Your objective
Write out every line exactly, from the first line of the records below through the line that contains "pencil is constant".

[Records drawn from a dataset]

(* Restricted to a line l with parameter s, a conic G = a f1 + b f2 of the pencil
   is a polynomial of degree at most 2 in s, and the chord midpoints of {A, A'}
   and {B, B'} on l are read off from the two leading coefficients of f1 and f2
   along l.  Hence l bisects Q exactly when some conic of the pencil is constant
   along l.  For bisectors l1 and l2, the conic constant along l1 is, up to a
   scalar, the one whose quadratic part is e |-> det(d1, e) <d1, e>_Q, so
   Q-orthogonality makes it constant along l2 as well.  If l1 and l2 cross, their
   intersection is a centre of G and G - G(l1 /\ l2) = k l1 l2; if they are
   parallel, G only depends on a coordinate transverse to them and its linear
   coefficient is fixed by antipodality, the centroid of Q being a critical point
   of G.  Conversely, a factorisation G + lam = k l1 l2 gives the bisectors and
   orthogonality coefficientwise, and comparing it with b f2 (or a f1) on the
   sides A, A' (or B, B') gives antipodality; a zero set equal to l1 \/ l2 forces
   such a factorisation. *)

From HB Require Import structures.
From mathcomp Require Import all_boot all_order all_algebra.
From mathcomp Require Import ring.
From Stdlib Require Import Classical.
Import GRing.Theory.
Local Open Scope ring_scope.
Set Implicit Arguments. Unset Strict Implicit. Unset Printing Implicit Defensive.

(* [K * K] is a zmodType but carries no [lmodType K] structure. *)
Definition scalev (K : fieldType) (s : K) (w : K * K) : K * K := (s * w.1, s * w.2).
Notation "s *v w" := (scalev s w) (at level 40).

Section Geometry.
Variable K : fieldType.
Hypothesis hK2 : (2 : K) != 0.
Implicit Types (l X Y : line K) (p q v w z d e : K * K) (a b c s r k lam : K).

(** * Lines of K^2 *)

Definition det d e : K := d.1 * e.2 - d.2 * e.1.

Definition lin0 l w : K := l_t l * w.1 - l_u l * w.2.
Definition dir l : K * K := (l_u l, l_t l).
Definition base l : K * K := ((l_u l - 1) * l_v l, l_u l * l_v l).
Definition transv l : K * K := (1 - l_u l, l_u l).

Lemma eq_lincomb c {x y a b : K} : x = y -> a - b = c * (x - y) -> a = b.
Proof. by move=> ->; rewrite subrr mulr0 => /eqP; rewrite subr_eq0 => /eqP. Qed.
Arguments eq_lincomb c {x y a b}.

Lemma line_normP l : (l_u l = 0 /\ l_t l = 1) \/ l_u l = 1.
Proof. by case: l => t u v /= /orP [/andP [/eqP -> /eqP ->]|/eqP ->]; [left|right]. Qed.

Lemma eq_line l1 l2 :
  l_t l1 = l_t l2 -> l_u l1 = l_u l2 -> l_v l1 = l_v l2 -> l1 = l2.
Proof.
case: l1 l2 => t u v h [t' u' v' h'] /= ? ? ?; subst.
by rewrite (bool_irrelevance h h').
Qed.

Lemma lin_add l p w : lin l (p + w) = lin l p + lin0 l w.
Proof. rewrite /lin /lin0 /=; ring. Qed.

Lemma lin_coords l p d e s r :
  lin l (p + s *v d + r *v e) = lin l p + s * lin0 l d + r * lin0 l e.
Proof. rewrite /lin /lin0 /=; ring. Qed.

Lemma lin0_add l w z : lin0 l (w + z) = lin0 l w + lin0 l z.
Proof. rewrite /lin0 /=; ring. Qed.

Lemma lin0_scale l s w : lin0 l (s *v w) = s * lin0 l w.
Proof. rewrite /lin0 /=; ring. Qed.

Lemma lin0E l w : lin0 l w = det w (dir l).
Proof. rewrite /lin0 /det /=; ring. Qed.

Lemma det_self d : det d d = 0.
Proof. by rewrite /det mulrC subrr. Qed.

Lemma det_dir l w : det (dir l) w = - lin0 l w.
Proof. rewrite /lin0 /det /=; ring. Qed.

Lemma lin_base l : lin l (base l) = 0.
Proof. by rewrite /lin /base /=; case: (line_normP l) => [[-> ->]|->]; ring. Qed.

Lemma lin0_dir l : lin0 l (dir l) = 0.
Proof. rewrite /lin0 /=; ring. Qed.

Lemma lin0_transv l : lin0 l (transv l) != 0.
Proof.
rewrite /lin0 /transv /=; case: (line_normP l) => [[-> ->]|->].
- by rewrite subr0 !mulr0 subr0 mulr1 oner_eq0.
- by rewrite subrr mulr0 mulr1 sub0r oppr_eq0 oner_eq0.
Qed.

Lemma det_dir_transv l : det (dir l) (transv l) != 0.
Proof. by rewrite det_dir oppr_eq0 lin0_transv. Qed.

Lemma parallelE l X : parallel l X = (lin0 X (dir l) == 0).
Proof.
rewrite /parallel /lin0 /= -oppr_eq0; congr (_ == 0); ring.
Qed.

Lemma parallel_sym l X : parallel l X = parallel X l.
Proof. by rewrite /parallel -oppr_eq0; congr (_ == 0); ring. Qed.

Lemma parallel_refl l : parallel l l.
Proof. by rewrite /parallel; apply/eqP; ring. Qed.

Lemma parallel_coefs l1 l2 :
  parallel l1 l2 -> l_t l1 = l_t l2 /\ l_u l1 = l_u l2.
Proof.
rewrite /parallel; case: (line_normP l1) => [[-> ->]|->];
  case: (line_normP l2) => [[-> ->]|->];
  rewrite ?mul1r ?mulr1 ?mul0r ?mulr0 ?subr0 ?sub0r ?oppr_eq0 ?oner_eq0 //.
by rewrite subr_eq0 => /eqP ->.
Qed.

Lemma parallel_dir l1 l2 : parallel l1 l2 -> dir l2 = dir l1.
Proof. by case/parallel_coefs; rewrite /dir => -> ->. Qed.

Lemma parallel_lin l1 l2 p :
  parallel l1 l2 -> lin l2 p = lin l1 p + (l_v l2 - l_v l1).
Proof. by case/parallel_coefs; rewrite /lin => -> ->; ring. Qed.

Lemma parallel_of_lin0 l X Y :
  lin0 X (dir l) = 0 -> lin0 Y (dir l) = 0 -> parallel X Y.
Proof.
rewrite /lin0 /parallel /=; case: (line_normP l) => [[-> ->]|->] hX hY; apply/eqP.
- have uX : l_u X = 0 by apply: (eq_lincomb (-1) hX); ring.
  have uY : l_u Y = 0 by apply: (eq_lincomb (-1) hY); ring.
  by rewrite uX uY; ring.
- have tX : l_t X = l_u X * l_t l by apply: (eq_lincomb 1 hX); ring.
  have tY : l_t Y = l_u Y * l_t l by apply: (eq_lincomb 1 hY); ring.
  by rewrite tX tY; ring.
Qed.

Lemma on_line_param l s : on_line l (base l + s *v dir l).
Proof.
by change (lin l (base l + s *v dir l) = 0); rewrite lin_add lin_base /lin0 /=; ring.
Qed.

Lemma on_lineP l p : on_line l p -> exists s, p = base l + s *v dir l.
Proof.
rewrite /on_line /base /dir; case: p => x y /=.
case: (line_normP l) => [[-> ->]|->] h.
- exists y; apply: injective_projections => /=; last by ring.
  by apply: (eq_lincomb 1 h); ring.
- exists x; apply: injective_projections => /=; first by ring.
  by apply: (eq_lincomb (-1) h); ring.
Qed.

Lemma line_param_inj l s s' : base l + s *v dir l = base l + s' *v dir l -> s = s'.
Proof.
move/addrI; rewrite /scalev /dir => -[h1 h2].
case: (line_normP l) => [[_ ht]|hu].
- by move: h2; rewrite ht !mulr1.
- by move: h1; rewrite hu !mulr1.
Qed.

Lemma parallel_base_eq l X : parallel l X -> lin X (base l) = 0 -> l = X.
Proof.
case/parallel_coefs => ht hu h; apply: eq_line => //.
have h0 := lin_base l; move: h h0; rewrite /lin -ht -hu => h h0.
by apply: (eq_lincomb (-1) h); apply: (eq_lincomb 1 h0); ring.
Qed.

Lemma basis_coords d e p q : det d e != 0 -> exists s r, p = q + s *v d + r *v e.
Proof.
move=> hd; exists (det (p - q) e / det d e), (det d (p - q) / det d e).
case: p q hd => x y [x' y']; rewrite /det /= => hd.
by apply: injective_projections => /=; field.
Qed.

Definition meet_coord l X : K := - lin X (base l) / lin0 X (dir l).

Lemma meet_on l1 l2 :
  ~~ parallel l1 l2 -> lin l1 (meet l1 l2) = 0 /\ lin l2 (meet l1 l2) = 0.
Proof.
rewrite /parallel /lin /meet /= => hp.
have hD : l_u l1 * l_t l2 - l_t l1 * l_u l2 != 0.
  by apply: contra hp => /eqP h; rewrite -oppr_eq0 -h; apply/eqP; ring.
by split; field.
Qed.

Lemma meet_uniq l1 l2 p :
  ~~ parallel l1 l2 -> lin l1 p = 0 -> lin l2 p = 0 -> meet l1 l2 = p.
Proof.
rewrite /parallel /lin /meet => hp h1 h2.
have hD : l_u l1 * l_t l2 - l_t l1 * l_u l2 != 0.
  by apply: contra hp => /eqP h; rewrite -oppr_eq0 -h; apply/eqP; ring.
case: p h1 h2 => x y /= h1 h2; congr pair; apply: (mulIf hD); rewrite mulfVK //.
- by apply: (eq_lincomb (l_u l2) h1); apply: (eq_lincomb (- l_u l1) h2); ring.
- by apply: (eq_lincomb (l_t l2) h1); apply: (eq_lincomb (- l_t l1) h2); ring.
Qed.

Lemma meetC l1 l2 : ~~ parallel l1 l2 -> meet l2 l1 = meet l1 l2.
Proof.
move=> hp; have [h1 h2] := meet_on hp.
by apply: meet_uniq; rewrite // parallel_sym.
Qed.

Lemma meetE l X : ~~ parallel l X -> meet l X = base l + meet_coord l X *v dir l.
Proof.
rewrite parallelE => hp; apply: meet_uniq; rewrite ?parallelE //.
  by rewrite lin_add lin_base lin0_scale lin0_dir mulr0 addr0.
by rewrite lin_add lin0_scale /meet_coord; field.
Qed.

Lemma poly2_eq0 c2 c1 c0 : (forall s, c2 * s ^+ 2 + c1 * s + c0 = 0) ->
  [/\ c2 = 0, c1 = 0 & c0 = 0].
Proof.
move=> h; have h0 := h 0; have h1 := h 1; have hm := h (-1).
have E0 : c0 = 0 by rewrite -h0; ring.
have E2 : 2 * c2 = 0 by apply: (eq_lincomb 1 h1); apply: (eq_lincomb 1 hm); rewrite E0; ring.
have {}E2 : c2 = 0 by move/eqP: E2; rewrite mulf_eq0 (negPf hK2) => /eqP.
by split => //; apply: (eq_lincomb 1 h1); rewrite E0 E2; ring.
Qed.

Lemma midpointE p q : midpoint p q = 2^-1 *v (p + q).
Proof. by rewrite /midpoint /scalev /=; congr pair; rewrite mulrC. Qed.

Lemma lin_midpoint l p q : lin l (midpoint p q) = (lin l p + lin l q) / 2.
Proof. by rewrite /lin /midpoint /=; field. Qed.
(* Let $\omega\ge 4$ be an integer and let $\Gamma$ be a connected finite simple graph. Then $C_\omega(L(\Gamma))\cong\Gamma$ if and only if $\Gamma$ is $\omega$-regular.
   Context: $L(\Gamma)$ is the line graph of $\Gamma$: its vertices are the edges of $\Gamma$, two being adjacent iff they share an endpoint. For a graph $H$ and an integer $\omega$, the $\omega$-clique graph $C_\omega(H)$ is the graph whose vertices are the cliques (vertex sets of complete subgraphs) of order exactly $\omega$ in $H$, two distinct such cliques being adjacent iff they have nonempty intersection. *)

From mathcomp Require Import all_boot.
Set Implicit Arguments. Unset Strict Implicit. Unset Printing Implicit Defensive.

Definition simple_graph (T : finType) (e : rel T) : Prop :=
  symmetric e /\ irreflexive e.

Definition connected_graph (T : finType) (e : rel T) : Prop :=
  forall x y : T, connect e x y.

Definition regular (T : finType) (e : rel T) (k : nat) : Prop :=
  forall x : T, #|[set y | e x y]| = k.

Definition graph_iso (T1 T2 : finType) (e1 : rel T1) (e2 : rel T2) : Prop :=
  exists f : T1 -> T2, bijective f /\ forall x y, e2 (f x) (f y) = e1 x y.

Definition is_edge (T : finType) (e : rel T) (A : {set T}) : bool :=
  [exists x, exists y, e x y && (A == [set x; y])].

Definition line_vertex {T : finType} (e : rel T) := {A : {set T} | is_edge e A}.

Definition line_adj {T : finType} (e : rel T) : rel (line_vertex e) :=
  fun a b => (a != b) && (val a :&: val b != set0).

Definition is_clique (V : finType) (adj : rel V) (S : {set V}) : bool :=
  [forall x in S, forall y in S, (x != y) ==> adj x y].

Definition clique_vertex {V : finType} (adj : rel V) (w : nat) :=
  {S : {set V} | is_clique adj S && (#|S| == w)}.

Definition clique_adj {V : finType} (adj : rel V) (w : nat)
  : rel (clique_vertex adj w) :=
  fun a b => (a != b) && (val a :&: val b != set0).

Arguments line_adj {T} e _ _.
Arguments clique_adj {V} adj w _ _.

From mathcomp Require Import all_boot zify.
Set Implicit Arguments. Unset Strict Implicit. Unset Printing Implicit Defensive.

(* Four or more pairwise meeting edges share a vertex, so for ω ≥ 4 the ω-cliques
   of L(Γ) are the ω-sets of edges through a common vertex, and two stars share
   at most one edge. Hence, for Γ ω-regular, v ↦ star(v) is an isomorphism from Γ
   onto C_ω(L(Γ)).
   Conversely, an isomorphism transports degrees. If a vertex u of maximal degree
   d had d ≥ ω + 2, an ω-subset K of star(u) would have the ω(d - ω) > d
   neighbours obtained by exchanging one edge of K. If deg v = ω + 1, the ω + 1
   cliques star(v) minus one edge are pairwise adjacent, so their images form an
   (ω + 1)-clique Y of Γ. A vertex y of Y of degree ω + 1 would have two neighbours
   u1, u2 of degree ≥ ω, and then star(y) minus an edge avoiding yu1, yu2 would
   have ω + 2 neighbours: the ω cliques star(y) minus one edge, and an ω-clique
   of star(u_i) through yu_i for i = 1, 2. So every vertex of Y has its
   neighbourhood inside Y, Y is all of the connected graph Γ, and deg v = ω, a
   contradiction. Once all degrees are ≤ ω, the ω-cliques are exactly the stars
   of the vertices of degree ω, and counting shows that every vertex is one. *)

Lemma card_set3 (X : finType) (x y z : X) : #|[set x; y; z]| <= 3.
Proof.
apply: leq_trans (leq_card_setU _ _) _; rewrite cards1 addn1 ltnS.
by apply: leq_trans (leq_card_setU _ _) _; rewrite !cards1.
Qed.

Section FiniteSets.
Variable X : finType.
Implicit Types (A B K S : {set X}) (x y z : X).

Lemma exists_subset_card A k :
  k <= #|A| -> exists2 B : {set X}, B \subset A & #|B| = k.
Proof.
rewrite -bin_gt0 -cards_draws => /card_gt0P [B].
by rewrite inE => /andP [BA /eqP Bk]; exists B.
Qed.

Lemma exists_subset_card_mem A x k :
  x \in A -> 0 < k <= #|A| ->
  exists B : {set X}, [/\ x \in B, B \subset A & #|B| = k].
Proof.
move=> xA /andP [k_gt0 kA].
have [B BA Bk] : exists2 B : {set X}, B \subset A :\ x & #|B| = k.-1.
  by apply: exists_subset_card; rewrite (cardsD1 x) xA in kA; rewrite -ltnS prednK.
have xB : x \notin B by apply/negP => /(subsetP BA); rewrite !inE eqxx.
exists (x |: B); rewrite setU11 cardsU1 xB Bk add1n prednK //; split=> //.
by rewrite subUset sub1set xA (subset_trans BA) // subD1set.
Qed.

Lemma setI_neq0_of_card A S K :
  S \subset A -> K \subset A -> #|A| < #|S| + #|K| -> S :&: K != set0.
Proof.
move=> SA KA; apply: contraTneq => SK0; rewrite -cardsUI SK0 cards0 addn0 -leqNgt.
by rewrite subset_leq_card // subUset SA KA.
Qed.

Lemma card_imset_setD1 A B : B \subset A -> #|[set A :\ b | b in B]| = #|B|.
Proof.
move=> /subsetP BA; apply: card_in_imset => b b' bB b'B eqAb.
apply/eqP; apply: contraT => bb'.
have : b \in A :\ b' by rewrite !inE bb' BA.
by rewrite -eqAb !inE eqxx.
Qed.

Lemma swap_inj K b b' y y' :
  b \in K -> y \notin K -> y' \notin K ->
  K :\ b :|: [set y] = K :\ b' :|: [set y'] -> b = b' /\ y = y'.
Proof.
move=> bK yK y'K eqK.
have yy' : y = y'.
  have : y \in K :\ b' :|: [set y'] by rewrite -eqK !inE eqxx orbT.
  by rewrite !inE (negbTE yK) andbF => /eqP.
split=> //; apply/eqP; apply: contraT => bb'.
have : b \in K :\ b :|: [set y] by rewrite eqK !inE bb' bK.
by rewrite !inE eqxx /= => /eqP byE; rewrite -byE bK in yK.
Qed.

Lemma card_swap K b y : b \in K -> y \notin K -> #|K :\ b :|: [set y]| = #|K|.
Proof.
move=> bK yK; rewrite setUC cardsU1 !inE (negbTE yK) andbF add1n.
by rewrite [#|K|](cardsD1 b) bK.
Qed.

Lemma card2_set2 A x y :
  #|A| = 2 -> x != y -> x \in A -> y \in A -> A = [set x; y].
Proof.
move=> A2 xy xA yA; apply/esym/eqP; rewrite eqEcard A2 cards2 xy leqnn andbT.
by apply/subsetP => z; rewrite !inE => /orP [] /eqP ->.
Qed.

Lemma card2_meet_set2 A x y z :
  #|A| = 2 -> x \in A -> x != y -> x != z -> A :&: [set y; z] != set0 ->
  A = [set x; y] \/ A = [set x; z].
Proof.
move=> A2 xA xy xz /set0Pn [t]; rewrite !inE => /andP [tA /orP [] /eqP tE]; subst t.
  by left; apply: card2_set2.
by right; apply: card2_set2.
Qed.

Lemma meeting_pairs_common_point (F : {set {set X}}) :
  {in F, forall A, #|A| = 2} -> {in F &, forall A B, A :&: B != set0} ->
  3 < #|F| -> exists c, {in F, forall A, c \in A}.
Proof.
move=> F2 meetF F_gt3.
have [A AF] : exists A, A \in F by apply/card_gt0P; apply: leq_trans F_gt3.
have /cards2P [x [y [xy defA]]] : #|A| == 2 by rewrite F2.
have [Fx|/forall_inPn [B BF xB]] := boolP [forall (B | B \in F), x \in B].
  by exists x => B /(forall_inP Fx).
have [Fy|/forall_inPn [C CF yC]] := boolP [forall (C | C \in F), y \in C].
  by exists y => C /(forall_inP Fy).
(* Then A, B, C are the sides of a triangle xyz, and every pair meeting all
   three sides is one of them, so #|F| <= 3. *)
have yB : y \in B.
  case/set0Pn: (meetF A B AF BF) => t; rewrite inE defA !inE.
  by case/andP => /orP [] /eqP -> //; rewrite (negbTE xB).
have xC : x \in C.
  case/set0Pn: (meetF A C AF CF) => t; rewrite inE defA !inE.
  by case/andP => /orP [] /eqP -> //; rewrite (negbTE yC).
case/set0Pn: (meetF B C BF CF) => z; rewrite inE => /andP [zB zC].
have xz : x != z by apply: contraNneq xB => ->.
have yz : y != z by apply: contraNneq yC => ->.
have defB : B = [set y; z] := card2_set2 (F2 B BF) yz yB zB.
have defC : C = [set x; z] := card2_set2 (F2 C CF) xz xC zC.
suff /subset_leq_card : F \subset [set A; B; C].
  by move/leq_trans/(_ (card_set3 A B C)); rewrite leqNgt F_gt3.
apply/subsetP => D DF; have D2 := F2 D DF.
case/set0Pn: (meetF D A DF AF) => t; rewrite inE defA !inE.
case/andP=> tD /orP [] /eqP tE; rewrite {t}tE in tD.
  have := meetF D B DF BF; rewrite defB => /(card2_meet_set2 D2 tD xy xz).
  by case=> ->; rewrite ?defA ?defC eqxx ?orbT.
rewrite eq_sym in xy.
have := meetF D C DF CF; rewrite defC => /(card2_meet_set2 D2 tD xy yz).
by case=> ->; rewrite ?defA ?defB ?[[set y; x]]setUC eqxx ?orbT.
Qed.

Answer below
(* Restricted to a line l with parameter s, a conic G = a f1 + b f2 of the pencil
   is a polynomial of degree at most 2 in s, and the chord midpoints of {A, A'}
   and {B, B'} on l are read off from the two leading coefficients of f1 and f2
   along l.  Hence l bisects Q exactly when some conic of the pencil is constant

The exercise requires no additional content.